M. Merritt : Si vous considérez que ces accords sont conclus entre deux sociétés et que vous soutenez qu'ils ne devraient pas énoncer d'aspirations, vous dites simplement que ces sociétés ne doivent pas avoir d'ambition, qu'elles doivent éviter la controverse, régler les pacotilles et enterrer tout ce qui a un tant soit peu d'importance. L'entreprise serait tellement modeste par rapport à la nécessité de conclure des accommodements à long terme entre les peuples autochtones et les peuples non autochtones qu'il faudrait, pour commencer, se demander si cela en vaudrait vraiment la peine.
Les Autochtones, eux, se demanderaient pourquoi il faudrait renoncer à des droits de common law par rapport à des terres et à des ressources naturelles contre un traité constitutif d'une société engageant l'honneur de la Couronne, si c'est pour être soumis, tout de go, à une litanie d'ajustements. Je comprends ce qu'il dit. Il est vrai qu'il est difficile de combler une aspiration, et c'est précisément ce qui définit l'aspiration. Plus le document est important et plus les aspirations sont ambitieuses.
Comme M. Penikett vous l'a dit, il s'agit de documents qui relèvent de l'article 35 de la Constitution. À titre de comparaison, on pourrait dire que la Charte des droits et libertés est ambiguë du début à la fin et qu'elle donne lieu à toutes sortes d'interprétations et de conflits. Cependant, précisément parce qu'elle est très importante, il y a lieu de la concevoir, de la respecter et de l'appliquer, même si ce doit être très difficile. J'accepte son analyse, mais je crois qu'il s'est grossièrement trompé dans sa conclusion.
Le sénateur Hubley : Raymond Chrétien, le négociateur fédéral en chef, a témoigné devant ce comité. Il a travaillé dans l'esprit du document, plutôt que de le prendre à la lettre. Son approche a payé. Il a abordé cette tâche en se mettant pour objectif de parvenir à un résultat. Il a dû surmonter les difficultés soulevées par les deux côtés, mais les parties semblaient être conscientes que, cette fois-ci, elles iraient jusqu'au bout, si bien que d'énormes progrès ont été réalisés en trois petites années.
Dans quelle mesure serait-il difficile de reproduire cette expérience?
M. Aldridge : Nous aimerions trouver quelqu'un comme cela. Je ne sais pas combien il y en a de disponibles.
Le sénateur Hubley : Il doit y en avoir d'autres.
M. Aldridge : J'interprète cela d'une façon légèrement différente de M. Merritt. Quand on songe à l'enchaînement des accords de règlement des revendications territoriales, de l'entente de 1975 concernant la Baie James et le nord du Québec, jusqu'aux accords plus récents, on constate une évolution de style, de libellé et de forme dans ces textes importants.
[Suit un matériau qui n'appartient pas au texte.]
Lemma continuity_pt_lipschitz f z r M : 0 < r ->
  (forall t, Rabs (t - z) < r -> Rabs (f t - f z) <= M * Rabs (t - z)) ->
  continuity_pt f z.
Proof.
  intros Hr Hlip eps He.
  assert (HM : 0 <= Rabs M) by apply Rabs_pos.
  exists (Rmin r (eps / (Rabs M + 1))). split.
  { apply Rmin_pos; [lra | apply Rdiv_lt_0_compat; lra]. }
  intros t [_ Ht]. simpl in *. unfold R_dist in *.
  assert (Hr' : Rmin r (eps / (Rabs M + 1)) <= r) by apply Rmin_l.
  assert (He' : Rmin r (eps / (Rabs M + 1)) <= eps / (Rabs M + 1)) by apply Rmin_r.
  assert (Hd : (Rabs M + 1) * Rabs (t - z) < eps).
  { replace eps with ((Rabs M + 1) * (eps / (Rabs M + 1))) by (field; lra).
    apply Rmult_lt_compat_l; lra. }
  assert (HMt : M * Rabs (t - z) <= Rabs M * Rabs (t - z))
    by (apply Rmult_le_compat_r; [apply Rabs_pos | apply Rle_abs]).
  assert (0 <= Rabs (t - z)) by apply Rabs_pos.
  specialize (Hlip t ltac:(lra)). nra.
Qed.

Lemma limit1_in_local f g D D' l x r : 0 < r ->
  (forall t, D' t -> Rabs (t - x) < r -> D t /\ g t = f t) ->
  limit1_in f D l x -> limit1_in g D' l x.
Proof.
  intros Hr Hloc Hf eps He. destruct (Hf eps He) as [d [Hd Hlim]].
  exists (Rmin d r). split; [apply Rmin_pos; lra |].
  intros t [Ht Htx]. simpl in *. unfold R_dist in *.
  assert (Rmin d r <= d) by apply Rmin_l. assert (Rmin d r <= r) by apply Rmin_r.
  destruct (Hloc t Ht ltac:(lra)) as [HDt ->]. apply Hlim. split; [exact HDt | simpl; unfold R_dist; lra].
Qed.

Lemma continuity_pt_one_sided f z :
  limit1_in f (fun t => t < z) (f z) z -> limit1_in f (fun t => z < t) (f z) z ->
  continuity_pt f z.
Proof.
  intros Hl Hr eps He.
  destruct (Hl eps He) as [dl [Hdl Hlim_l]], (Hr eps He) as [dr [Hdr Hlim_r]].
  exists (Rmin dl dr). split; [apply Rmin_pos; lra |].
  intros t [_ Ht]. assert (Rmin dl dr <= dl) by apply Rmin_l. assert (Rmin dl dr <= dr) by apply Rmin_r.
  simpl in *. unfold R_dist in *.
  destruct (Rtotal_order t z) as [Htz | [-> | Htz]].
  - apply Hlim_l. split; [exact Htz | simpl; unfold R_dist; lra].
  - rewrite Rminus_diag, Rabs_R0; exact He.
  - apply Hlim_r. split; [exact Htz | simpl; unfold R_dist; lra].
Qed.

Lemma continuous_extension f a b la lb : a < b ->
  (forall z, a < z < b -> continuity_pt f z) ->
  limit1_in f (fun t => a < t) la a -> limit1_in f (fun t => t < b) lb b ->
  exists psi, (forall t, a < t < b -> psi t = f t) /\
    forall z, a <= z <= b -> continuity_pt psi z.
Proof.
  intros Hab Hf Hla Hlb.
  set (psi t := if Rle_dec t a then la else if Rle_dec b t then lb else f t).
  assert (Hin : forall t, a < t < b -> psi t = f t).
  { intros t Ht. unfold psi. destruct (Rle_dec t a); [lra |]. destruct (Rle_dec b t); [lra | reflexivity]. }
  assert (Hle : forall t, t <= a -> psi t = la).
  { intros t Ht. unfold psi. destruct (Rle_dec t a); [reflexivity | lra]. }
  assert (Hge : forall t, b <= t -> psi t = lb).
  { intros t Ht. unfold psi. destruct (Rle_dec t a); [lra |]. destruct (Rle_dec b t); [reflexivity | lra]. }
  exists psi. split; [exact Hin |]. intros z Hz.
  destruct (Rle_lt_or_eq_dec a z (proj1 Hz)) as [Haz | <-];
    [destruct (Rle_lt_or_eq_dec z b (proj2 Hz)) as [Hzb | ->] |].
  - apply continuity_pt_locally_ext with (a := Rmin (z - a) (b - z)) (f := f).
    + apply Rmin_pos; lra.
    + intros y Hy. apply Rabs_def2 in Hy.
      assert (Rmin (z - a) (b - z) <= z - a) by apply Rmin_l.
      assert (Rmin (z - a) (b - z) <= b - z) by apply Rmin_r.
      symmetry; apply Hin; lra.
    + apply Hf; lra.
  - apply continuity_pt_one_sided; rewrite (Hge b) by lra.
    + apply (limit1_in_local f psi (fun t => t < b) _ lb b (b - a)); [lra | | exact Hlb].
      intros t Ht Htb. apply Rabs_def2 in Htb. split; [exact Ht | apply Hin; lra].
    + apply (limit1_in_local (fun _ => lb) psi (fun _ => True) _ lb b 1); [lra | | apply (limit_free (fun _ => lb) _ b b)].
      intros t Ht _. split; [exact I | apply Hge; lra].
  - apply continuity_pt_one_sided; rewrite (Hle a) by lra.
    + apply (limit1_in_local (fun _ => la) psi (fun _ => True) _ la a 1); [lra | | apply (limit_free (fun _ => la) _ a a)].
      intros t Ht _. split; [exact I | apply Hle; lra].
    + apply (limit1_in_local f psi (fun t => a < t) _ la a (b - a)); [lra | | exact Hla].
      intros t Ht Hta. apply Rabs_def2 in Hta. split; [exact Ht | apply Hin; lra].
Qed.

Lemma antitone_bounded_limit s l r B : l < r ->
  (forall u v, l < u < v -> v < r -> s v <= s u) ->
  (forall u, l < u < r -> s u <= B) ->
  exists S, limit1_in s (fun t => l < t < r) S l.
Proof.
  intros Hlr Hanti HB.
  set (E y := exists u, l < u < r /\ y = s u).
  assert (HEb : bound E) by (exists B; intros y [u [Hu ->]]; apply HB, Hu).
  assert (HEne : exists y, E y) by (exists (s ((l + r) / 2)), ((l + r) / 2); split; [lra | reflexivity]).
  destruct (completeness E HEb HEne) as [S [HSub HSleast]].
  exists S. intros eps He.
  assert (Hnear : exists u, l < u < r /\ S - eps < s u).
  { apply NNPP. intros Hnone. enough (S <= S - eps) by lra.
    apply HSleast. intros y [u [Hu ->]]. apply Rnot_lt_le. intros Hsu. apply Hnone. exists u; split; assumption. }
  destruct Hnear as [u1 [Hu1 Hsu1]]. exists (u1 - l). split; [lra |].
  intros t [Ht Htl]. simpl in *. unfold R_dist in *. apply Rabs_def2 in Htl.
  assert (s t <= S) by (apply HSub; exists t; split; [exact Ht | reflexivity]).
  assert (s u1 <= s t).
  { destruct (Req_dec t u1) as [-> | Hne]; [lra |]. apply Hanti; lra. }
  apply Rabs_def1; lra.
Qed.

Section Concave.

Variables (a b : R) (phi : R -> R).
Hypothesis Hconc : concave_on a b phi.

Lemma concave_chord u x v : a <= u -> u < x -> x < v -> v <= b ->
  phi u * (v - x) + phi v * (x - u) <= phi x * (v - u).
Proof.
  intros Hau Hux Hxv Hvb. set (l := (v - x) / (v - u)).
  assert (Hl : 0 <= l <= 1).
  { unfold l; split.
    - apply Rdiv_le_0_compat; lra.
    - apply Rmult_le_reg_r with (v - u); [lra |]. unfold Rdiv; rewrite Rmult_assoc, Rinv_l; lra. }
  assert (Hcx := Hconc u v l ltac:(lra) ltac:(lra) Hl).
  replace (l * u + (1 - l) * v) with x in Hcx by (unfold l; field; lra).
  replace (phi u * (v - x) + phi v * (x - u)) with ((v - u) * (l * phi u + (1 - l) * phi v))
    by (unfold l; field; lra).
  rewrite (Rmult_comm (phi x)). apply Rmult_le_compat_l; lra.
Qed.

Definition slope u v := (phi v - phi u) / (v - u).

Lemma slope_sym u v : u <> v -> slope u v = slope v u.
Proof. intros Huv; unfold slope; field; lra. Qed.

Lemma concave_slope_le u x v : a <= u -> u < x -> x < v -> v <= b ->
  slope x v <= slope u v <= slope u x.
Proof.
  intros Hau Hux Hxv Hvb. assert (Hch := concave_chord u x v Hau Hux Hxv Hvb).
  unfold slope. split; apply Rmult_le_reg_r with ((v - u) * (x - u) * (v - x)); try (apply Rmult_lt_0_compat; [apply Rmult_lt_0_compat |]; lra);
    field_simplify; try lra; nra.
Qed.

Lemma concave_slope_bounds z t : a < z < b -> a <= t <= b -> t <> z ->
  slope z b <= slope t z <= slope a z.
Proof.
  intros Hz Ht Htz. destruct (Rlt_or_le t z) as [Hlt | Hge].
  - assert (Htb := concave_slope_le t z b ltac:(lra) Hlt ltac:(lra) ltac:(lra)).
    split; [lra |].
    destruct (Rle_lt_or_eq_dec a t (proj1 Ht)) as [Hat | <-]; [| lra].
    apply (concave_slope_le a t z); lra.
  - rewrite (slope_sym t z) by exact Htz.
    assert (Hat := concave_slope_le a z t ltac:(lra) ltac:(lra) ltac:(lra) ltac:(lra)).
    split; [| lra].
    destruct (Rle_lt_or_eq_dec t b (proj2 Ht)) as [Htb | ->]; [| lra].
    apply (concave_slope_le z t b); lra.
Qed.

Lemma concave_lipschitz z t : a < z < b -> a <= t <= b ->
  Rabs (phi t - phi z) <= (Rabs (slope a z) + Rabs (slope z b)) * Rabs (t - z).
Proof.
  intros Hz Ht. destruct (Req_dec t z) as [-> | Htz].
  - rewrite Rminus_diag, Rminus_diag, Rabs_R0, Rmult_0_r; lra.
  - replace (phi t - phi z) with (slope t z * (t - z)) by (unfold slope; field; lra).
    rewrite Rabs_mult. apply Rmult_le_compat_r; [apply Rabs_pos |].
    destruct (concave_slope_bounds z t Hz Ht Htz).
    unfold Rabs; repeat destruct Rcase_abs; lra.
Qed.

Lemma concave_continuity_pt z : a < z < b -> continuity_pt phi z.
Proof.
  intros Hz. apply (continuity_pt_lipschitz phi z (Rmin (z - a) (b - z))
    (Rabs (slope a z) + Rabs (slope z b))); [apply Rmin_pos; lra |].
  intros t Ht. apply concave_lipschitz; [exact Hz |].
  assert (Rmin (z - a) (b - z) <= z - a) by apply Rmin_l.
  assert (Rmin (z - a) (b - z) <= b - z) by apply Rmin_r.
  apply Rabs_def2 in Ht; lra.
Qed.

(* [phi t = phi x0 + slope t x0 * (t - x0)] and the slope is monotone in [t]. *)
Lemma concave_limit_left : a < b -> exists l, limit1_in phi (fun t => a < t) l a.
Proof.
  intros Hab. set (x0 := (a + b) / 2).
  destruct (antitone_bounded_limit (fun t => slope t x0) a x0 (slope a x0)) as [S HS].
  - unfold x0; lra.
  - intros u v Huv Hv. apply (concave_slope_le u v x0); unfold x0 in *; lra.
  - intros u Hu. apply (concave_slope_le a u x0); unfold x0 in *; lra.
  - exists (phi x0 + S * (a - x0)).
    apply (limit1_in_local (fun t => phi x0 + slope t x0 * (t - x0)) phi
             (fun t => a < t < x0) _ _ a (x0 - a)); [unfold x0; lra | |].
    + intros t Hat Hta. apply Rabs_def2 in Hta. split; [lra |].
      unfold slope; field; lra.
    + apply limit_plus; [apply (limit_free (fun _ => phi x0) _ a a) |].
      apply limit_mul; [exact HS |]. apply limit_minus; [apply lim_x | apply (limit_free (fun _ => x0) _ a a)].
Qed.

Lemma concave_pos_interior : (forall t, a <= t <= b -> 0 <= phi t) ->
  (exists t, a <= t <= b /\ phi t <> 0) -> forall x, a < x < b -> 0 < phi x.
Proof.
  intros Hnn [t0 [Ht0 Hne]] x Hx.
  assert (Hpos0 : 0 < phi t0) by (assert (0 <= phi t0) by (apply Hnn, Ht0); lra).
  destruct (Rtotal_order x t0) as [Hlt | [-> | Hgt]]; [| exact Hpos0 |].
  - assert (Hch := concave_chord a x t0 ltac:(lra) ltac:(lra) Hlt ltac:(lra)).
    assert (0 <= phi a) by (apply Hnn; lra). nra.
  - assert (Hch := concave_chord t0 x b ltac:(lra) Hgt ltac:(lra) ltac:(lra)).
    assert (0 <= phi b) by (apply Hnn; lra). nra.
Qed.

Lemma concave_ratio_antitone x y : 0 <= phi a -> a < x <= y -> y <= b ->
  phi y * (x - a) <= phi x * (y - a).
Proof.
  intros Ha Hxy Hyb. destruct (Rle_lt_or_eq_dec x y (proj2 Hxy)) as [Hlt | <-]; [| lra].
  assert (Hch := concave_chord a x y ltac:(lra) ltac:(lra) Hlt Hyb). nra.
Qed.

Lemma concave_rpow_ratio_cross p x m : 0 < p -> (forall t, a <= t <= b -> 0 <= phi t) ->
  a < x <= b -> a < m <= b ->
  (x - m) * (rpow (phi x) p * rpow (m - a) p) <= (x - m) * (rpow (phi m) p * rpow (x - a) p).
Proof.
  intros Hp Hnn Hx Hm.
  assert (Ha : 0 <= phi a) by (apply Hnn; lra).
  assert (Hphx : 0 <= phi x) by (apply Hnn; lra).
  assert (Hphm : 0 <= phi m) by (apply Hnn; lra).
  rewrite <- !rpow_mult by lra.
  destruct (Rle_or_lt x m) as [Hxm | Hmx].
  - apply Rmult_le_compat_neg_l; [lra |]. apply rpow_le; [exact Hp | split; [nra |]].
    apply concave_ratio_antitone; lra.
  - apply Rmult_le_compat_l; [lra |]. apply rpow_le; [exact Hp | split; [nra |]].
    apply concave_ratio_antitone; lra.
Qed.

End Concave.

Lemma concave_on_reflect a b phi : concave_on a b phi -> concave_on (- b) (- a) (fun u => phi (- u)).
Proof.
  intros Hc x y l Hx Hy Hl.
  replace (- (l * x + (1 - l) * y)) with (l * - x + (1 - l) * - y) by ring.
  apply Hc; lra.
Qed.

Lemma concave_limit_right a b phi : a < b -> concave_on a b phi ->
  exists l, limit1_in phi (fun t => t < b) l b.
Proof.
  intros Hab Hc.
  destruct (concave_limit_left (- b) (- a) (fun u => phi (- u)) (concave_on_reflect a b phi Hc))
    as [l Hl]; [lra |].
  exists l. intros eps He. destruct (Hl eps He) as [d [Hd Hlim]]. exists d; split; [exact Hd |].
  intros t [Htb Ht]. simpl in *. unfold R_dist in *.
  rewrite <- (Ropp_involutive t). apply Hlim. split; [lra |].
  simpl; unfold R_dist. replace (- t - - b) with (- (t - b)) by ring. rewrite Rabs_Ropp; exact Ht.
Qed.

Lemma concave_continuous_extension a b phi : a < b -> concave_on a b phi ->
  exists psi, (forall t, a < t < b -> psi t = phi t) /\
    forall z, a <= z <= b -> continuity_pt psi z.
Proof.
  intros Hab Hc.
  destruct (concave_limit_left a b phi Hc Hab) as [la Hla].
  destruct (concave_limit_right a b phi Hab Hc) as [lb Hlb].
  apply (continuous_extension phi a b la lb Hab); [| exact Hla | exact Hlb].
  apply concave_continuity_pt, Hc.
Qed.

Lemma ex_RInt_continuity_pt f g a b : a <= b ->
  (forall z, a <= z <= b -> continuity_pt f z) -> (forall t, a < t < b -> f t = g t) ->
  ex_RInt g a b.
Proof.
  intros Hab Hf Hfg. apply (ex_RInt_ext f).
  - rewrite Rmin_left, Rmax_right by exact Hab. exact Hfg.
  - apply (@ex_RInt_continuous R_CompleteNormedModule). rewrite Rmin_left, Rmax_right by exact Hab.
    intros z Hz. apply continuity_pt_filterlim, Hf, Hz.
Qed.

Lemma RInt_gt0 f g a b : a < b ->
  (forall z, a <= z <= b -> continuity_pt f z) -> (forall t, a < t < b -> f t = g t) ->
  (forall t, a < t < b -> 0 < f t) -> 0 < RInt g a b.
Proof.
  intros Hab Hf Hfg Hpos.
  rewrite <- (RInt_ext f) by (rewrite Rmin_left, Rmax_right by lra; exact Hfg).
  replace 0 with (RInt (fun _ => 0) a b) by (rewrite RInt_const; apply Rmult_0_r).
  apply RInt_lt; [exact Hab | | | exact Hpos].
  - intros z Hz. apply continuity_pt_filterlim, Hf, Hz.
  - intros z Hz. apply continuous_const.
Qed.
Il fut une époque, dans les années 1980 et au début des années 1990, où les ententes comportaient davantage ce qu'on a décrit comme des « énoncés d'aspirations », autrement dit comme des libellés d'objectifs. D'un côté, pour les raisons mentionnées par M. Merritt, ce genre de libellé n'est pas mauvais, mais le cynique qui sommeille en moi a abordé la chose sous un angle légèrement différent.
Les groupes autochtones vous diraient qu'ils tiennent à des obligations fermes. C'est ce que nous voulons. Nous vous soumettons une proposition et nous voulons, en retour, que vous vous engagiez à réaliser telle ou telle chose ou à parvenir à tel ou tel résultat. Le gouvernement du Canada, pour sa part, dira qu'il n'est pas en mesure de tenir ce genre de promesse, mais qu'il rédigera l'entente pour préciser que la question litigieuse deviendra un objectif commun à la réalisation duquel les parties collaboreront.
L'objectif est un recul par rapport à ce que les Autochtones voulaient, soit un engagement identifiable. On les a, en revanche, contraints à accepter un simple libellé d'objectifs, un énoncé des aspirations.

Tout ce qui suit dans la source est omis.